* **Exercise material**:
____________

(* For $n\ge0$, $\left|\Pi_n\wr C_2(1^11^1,1^11^2)\right| = \left|\mathcal{S}_{n+1}(12\!-\!3,\,214\!-\!3)\right|$.
   Context: For $n\ge0$ let $[n]=\{1,\dots,n\}$. A $2$-colored set partition of $[n]$ is a set partition of $[n]$ together with an assignment of a color from $\{1,2\}$ to each element; $\Pi_n\wr C_2$ is the set of these (with $\Pi_0\wr C_2$ containing only the empty partition). $\Pi_n\wr C_2(1^11^1,1^11^2)$ is the set of those colored partitions in which no two elements of the same block have the same color, and there are no $i<j$ in the same block with $i$ colored $1$ and $j$ colored $2$. $\mathcal{S}_{m}(12\!-\!3,214\!-\!3)$ is the set of permutations $q=q_1\cdots q_m$ of $[m]$ that contain no indices $a<a+1<b$ with $q_a<q_{a+1}<q_b$ (an occurrence of $12\!-\!3$) and no indices $a<a+1<a+2<b$ with $q_{a+1}<q_a<q_b<q_{a+2}$ (an occurrence of $214\!-\!3$). *)

From mathcomp Require Import all_boot all_order all_fingroup.
Set Implicit Arguments. Unset Strict Implicit. Unset Printing Implicit Defensive.

(* Elements of [n] = {1,..,n} are represented by 'I_n (i : 'I_n stands for
   i+1; the order is preserved).  Colors {1,2} are represented by 'I_2:
   value 0 = color 1, value 1 = color 2. *)

Definition colored_partition (n : nat)
    (Pc : {set {set 'I_n}} * {ffun 'I_n -> 'I_2}) : bool :=
  partition Pc.1 [set: 'I_n].

(* Avoidance of 1^1 1^1 (no two elements of a block with the same color)
   and of 1^1 1^2 (no i<j in a block with i colored 1 and j colored 2). *)
Definition avoids_11_12 (n : nat)
    (Pc : {set {set 'I_n}} * {ffun 'I_n -> 'I_2}) : bool :=
  [forall B in Pc.1, forall i in B, forall j in B,
     ((i != j) ==> (Pc.2 i != Pc.2 j)) &&
     ~~ [&& (i < j)%N, val (Pc.2 i) == 0%N & val (Pc.2 j) == 1%N]].

Definition Pi_wr_C2_avoid (n : nat) :=
  [set Pc : {set {set 'I_n}} * {ffun 'I_n -> 'I_2}
     | colored_partition Pc && avoids_11_12 Pc].

(* Permutations q of [m], positions and values shifted by one. *)
Definition contains_12_3 (m : nat) (q : {perm 'I_m}) : bool :=
  [exists a : 'I_m, exists a1 : 'I_m, exists b : 'I_m,
     [&& val a1 == (val a).+1, (val a1 < val b)%N,
         (val (q a) < val (q a1))%N & (val (q a1) < val (q b))%N]].

Definition contains_214_3 (m : nat) (q : {perm 'I_m}) : bool :=
  [exists a : 'I_m, exists a1 : 'I_m, exists a2 : 'I_m, exists b : 'I_m,
     [&& val a1 == (val a).+1, val a2 == (val a).+2, (val a2 < val b)%N,
         (val (q a1) < val (q a))%N, (val (q a) < val (q b))%N
       & (val (q b) < val (q a2))%N]].
(* Let $T$ be a $C_{p^rq^s}$-transfer system with exactly two connected components. Then $T$ is lesser simply paired if and only if the connected component of $(0,0)$ is $V_0=\{(0,j):0\le j\le s\}$ or $H_0=\{(i,0):0\le i\le r\}$. In that case $\mathrm{Hull}(T)\ne T_c$, so $(T,\mathrm{Hull}(T))$ and $(T,T_c)$ are two distinct compatible pairs and are the only compatible pairs with first entry $T$.
   Context: $p,q$ are distinct primes and $r,s\ge 0$ integers. The subgroups of $C_{p^rq^s}$ are identified with grid points $(i,j)$, $0\le i\le r$, $0\le j\le s$, where $(i,j)$ stands for $C_{p^iq^j}$ (intersection is coordinatewise minimum). A $C_{p^rq^s}$-transfer system is a partial order $\to$ on these vertices such that: $(i_1,j_1)\to(i_2,j_2)$ implies $i_1\le i_2$, $j_1\le j_2$; it is reflexive and transitive; and $(i_1,j_1)\to(i_2,j_2)$ implies $(\min\{i_1,a\},\min\{j_1,b\})\to(\min\{i_2,a\},\min\{j_2,b\})$ for every vertex $(a,b)$. Connected components are those of the underlying undirected graph. A transfer system is saturated if whenever $L\le K\le H$ and $L\to H$ is in it then $K\to H$ is in it; $\mathrm{Hull}(T)$ is the smallest saturated transfer system containing $T$; $T_c$ is the complete transfer system (all $K\to H$ with $K\le H$). A pair $(T,T')$ is compatible if $T\subseteq T'$ and for all subgroups $A,B,C$ with $B,C\le A$: if $B\to A$ is in $T$ and $B\cap C\to B$ is in $T'$ then $C\to A$ is in $T'$. $T$ is lesser simply paired if for every transfer system $T'\supseteq T$, $(T,T')$ is compatible iff $T'\in\{\mathrm{Hull}(T),T_c\}$. *)

From mathcomp Require Import all_boot.
Set Implicit Arguments.
Unset Strict Implicit.
Unset Printing Implicit Defensive.

(* Subgroups of C_{p^r q^s}: grid points (i,j), 0<=i<=r, 0<=j<=s;
   (i,j) stands for C_{p^i q^j}. *)
Definition vert (r s : nat) : finType := ('I_r.+1 * 'I_s.+1)%type.

Definition vle {r s : nat} (x y : vert r s) : bool :=
  (x.1 <= y.1)%N && (x.2 <= y.2)%N.

Definition vmeet {r s : nat} (x y : vert r s) : vert r s :=
  (inord (minn x.1 y.1), inord (minn x.2 y.2)).

(* A relation on subgroups, as a set of pairs (K,H) meaning K -> H *)
Definition is_transfer {r s : nat} (T : {set vert r s * vert r s}) : bool :=
  [&& [forall x : vert r s, forall y : vert r s, ((x, y) \in T) ==> vle x y],
      [forall x : vert r s, (x, x) \in T],
      [forall x : vert r s, forall y : vert r s, forall z : vert r s,
         ((x, y) \in T) && ((y, z) \in T) ==> ((x, z) \in T)] &
      [forall x : vert r s, forall y : vert r s, forall c : vert r s,
         ((x, y) \in T) ==> ((vmeet x c, vmeet y c) \in T)]].

Definition uedge {r s : nat} (T : {set vert r s * vert r s}) : rel (vert r s) :=
  fun x y => ((x, y) \in T) || ((y, x) \in T).

Definition ccomp {r s : nat} (T : {set vert r s * vert r s}) (x : vert r s)
  : {set vert r s} := [set y | connect (uedge T) x y].
(* Let $\mathfrak K=(K,\bigsqcup,\odot,{}^*,{\sim},e)$ be an involutive generalized dynamic algebra, and define $\bullet\colon K\times\widetilde K\to\widetilde K$ by $k\bullet v={\sim}{\sim}(k\odot v)$. Then ${\sim}{\sim}{\sim}v={\sim}v$ for every $v\in K$, and $(\widetilde K,\bigvee,\bullet)$ is a left unital $K$-module (with $(\widetilde K,\preceq)$ a complete lattice whose joins are given by $\bigvee$), with least element ${\sim}{\sim}0$ and greatest element ${\sim}{\sim}1$.
   Context: An involutive unital quantale is $(Q,\bigsqcup,\odot,{}^*,e)$: $Q$ a complete join-semilattice (order $\sqsubseteq$, $0=\bigsqcup\emptyset$, $1=\bigsqcup Q$), $\odot$ associative and distributing over arbitrary joins in each argument, $e$ a two-sided unit, ${}^*$ with $x^{**}=x$, $(x\odot y)^*=y^*\odot x^*$, $(\bigsqcup_i x_i)^*=\bigsqcup_i x_i^*$. An involutive generalized dynamic algebra is $\mathfrak K=(K,\bigsqcup,\odot,{}^*,{\sim},e)$ with $(K,\bigsqcup,\odot,{}^*,e)$ an involutive unital quantale and ${\sim}\colon K\to K$ such that for all $x,y\in K$ and families $(x_i)_{i\in I}$: ${\sim}(x\odot{\sim}{\sim}y)={\sim}(x\odot y)$; ${\sim}(\bigsqcup_i{\sim}{\sim}x_i)={\sim}(\bigsqcup_i x_i)$; $({\sim}x)^*={\sim}x$; ${\sim}{\sim}({\sim}{\sim}x\odot y)={\sim}({\sim}x\sqcup{\sim}({\sim}x\sqcup y))$. Test set $\widetilde K=\{{\sim}k\mid k\in K\}$; for $W\subseteq\widetilde K$, $\bigvee W={\sim}{\sim}(\bigsqcup W)$; $k\preceq l$ iff $\bigvee\{k,l\}=l$. For a unital quantale $(Q,\bigsqcup,\odot,e)$, a left unital $Q$-module is a complete join-semilattice $(A,\bigvee)$ with a map $\bullet\colon Q\times A\to A$ such that $v\bullet\bigvee S=\bigvee_{s\in S}v\bullet s$, $(\bigsqcup T)\bullet a=\bigvee_{t\in T}t\bullet a$, $u\bullet(v\bullet a)=(u\odot v)\bullet a$, and $e\bullet a=a$. *)

Section Defs.
Variable K : Type.

Definition fam_join (sup : (K -> Prop) -> K) (I : Type) (x : I -> K) : K :=
  sup (fun y => exists i, y = x i).

Definition is_complete_join_semilattice (le : K -> K -> Prop) (sup : (K -> Prop) -> K) : Prop :=
  (forall x, le x x) /\
  (forall x y, le x y -> le y x -> x = y) /\
  (forall x y z, le x y -> le y z -> le x z) /\
  (forall S : K -> Prop, forall x, S x -> le x (sup S)) /\
  (forall S : K -> Prop, forall u, (forall x, S x -> le x u) -> le (sup S) u).
(* Koenig's lemma: the prefix of length [l + 1] extends the prefix of length [l] by
   a symbol seen infinitely often among the [w e] sharing that prefix. *)
Lemma cluster_point (S : finType) (w : nat -> nat -> S) :
  exists v, forall l, infinitely_often (fun e => agree l v (w e)).
Proof.
have /choice [pick pickP] : forall ul : (nat -> S) * nat, exists s,
    infinitely_often (fun e => agree ul.2 ul.1 (w e)) ->
    infinitely_often (fun e => agree ul.2 ul.1 (w e) /\ w e ul.2 = s).
  case=> u l; case: (classic (infinitely_often (fun e => agree l u (w e)))) => H.
    by have [s Hs] := infinitely_often_pigeonhole (fun e => w e l) H; exists s.
  by exists (w 0 0).
pose pref := fix pref l := if l is l'.+1
  then fun i => if i < l' then pref l' i else pick (pref l', l') else w 0.
have pref_inv l : infinitely_often (fun e => agree l (pref l) (w e)).
  elim: l => [|l IH] e0; first by exists e0.
  have [e He [Ae Ee]] := pickP (pref l, l) IH e0.
  exists e => // i Hi /=; case: ifP => Hil; first exact: Ae.
  by have -> : i = l by lia.
have pref_stable l l' i : i < l -> l <= l' -> pref l' i = pref l i.
  move=> Hi; elim: l' => [|l' IH] Hl; first lia.
  case: (ltngtP l l'.+1) => H; [ | lia | by rewrite H].
  by rewrite /= ifT ?IH //; lia.
exists (fun i => pref i.+1 i) => l e0; have [e He Ae] := pref_inv l e0.
by exists e => // i Hi; rewrite -Ae // (pref_stable i.+1 l).
Qed.

Section Compactness.
Variables (S : finType) (T : Type) (Y : pset (nat -> S)) (f : (nat -> S) -> (nat -> T)).
Hypothesis HY : is_SFT Y.
Hypothesis Hf : cont_on Y f.

Lemma uniform_continuity k :
  exists l, forall x y, Y x -> Y y -> agree l x y -> agree k (f x) (f y).
Proof.
apply: NNPP => Hn.
have /choice [xy xyP] : forall l, exists xy : (nat -> S) * (nat -> S),
    [/\ Y xy.1, Y xy.2, agree l xy.1 xy.2 & ~ agree k (f xy.1) (f xy.2)].
  move=> l; apply: NNPP => Hl; apply: Hn; exists l => x y Yx Yy Axy.
  by apply: NNPP => Hk; apply: Hl; exists (x, y).
have [v Hv] := cluster_point (fun l => (xy l).1).
have Yv : Y v.
  by apply: (SFT_closed HY) => l; have [e _ Ae] := Hv l 0; exists (xy e).1; case: (xyP e).
have [l0 Hl0] := Hf Yv k; have [e He Ae] := Hv l0 l0.
case: (xyP e) => [Y1 Y2 A12 []].
apply: agree_trans (Hl0 _ Y2 _); first by apply: agree_sym; apply: Hl0.
exact: agree_trans Ae (agree_le He A12).
Qed.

____________

* **Required action**: The line that contains "case: (xyP e) => [Y1 Y2 A12 []].", the final line of the listing, and every line between them are to be retyped exactly; nothing else.

* **Output for this task**:
case: (xyP e) => [Y1 Y2 A12 []].
apply: agree_trans (Hl0 _ Y2 _); first by apply: agree_sym; apply: Hl0.
exact: agree_trans Ae (agree_le He A12).
Qed.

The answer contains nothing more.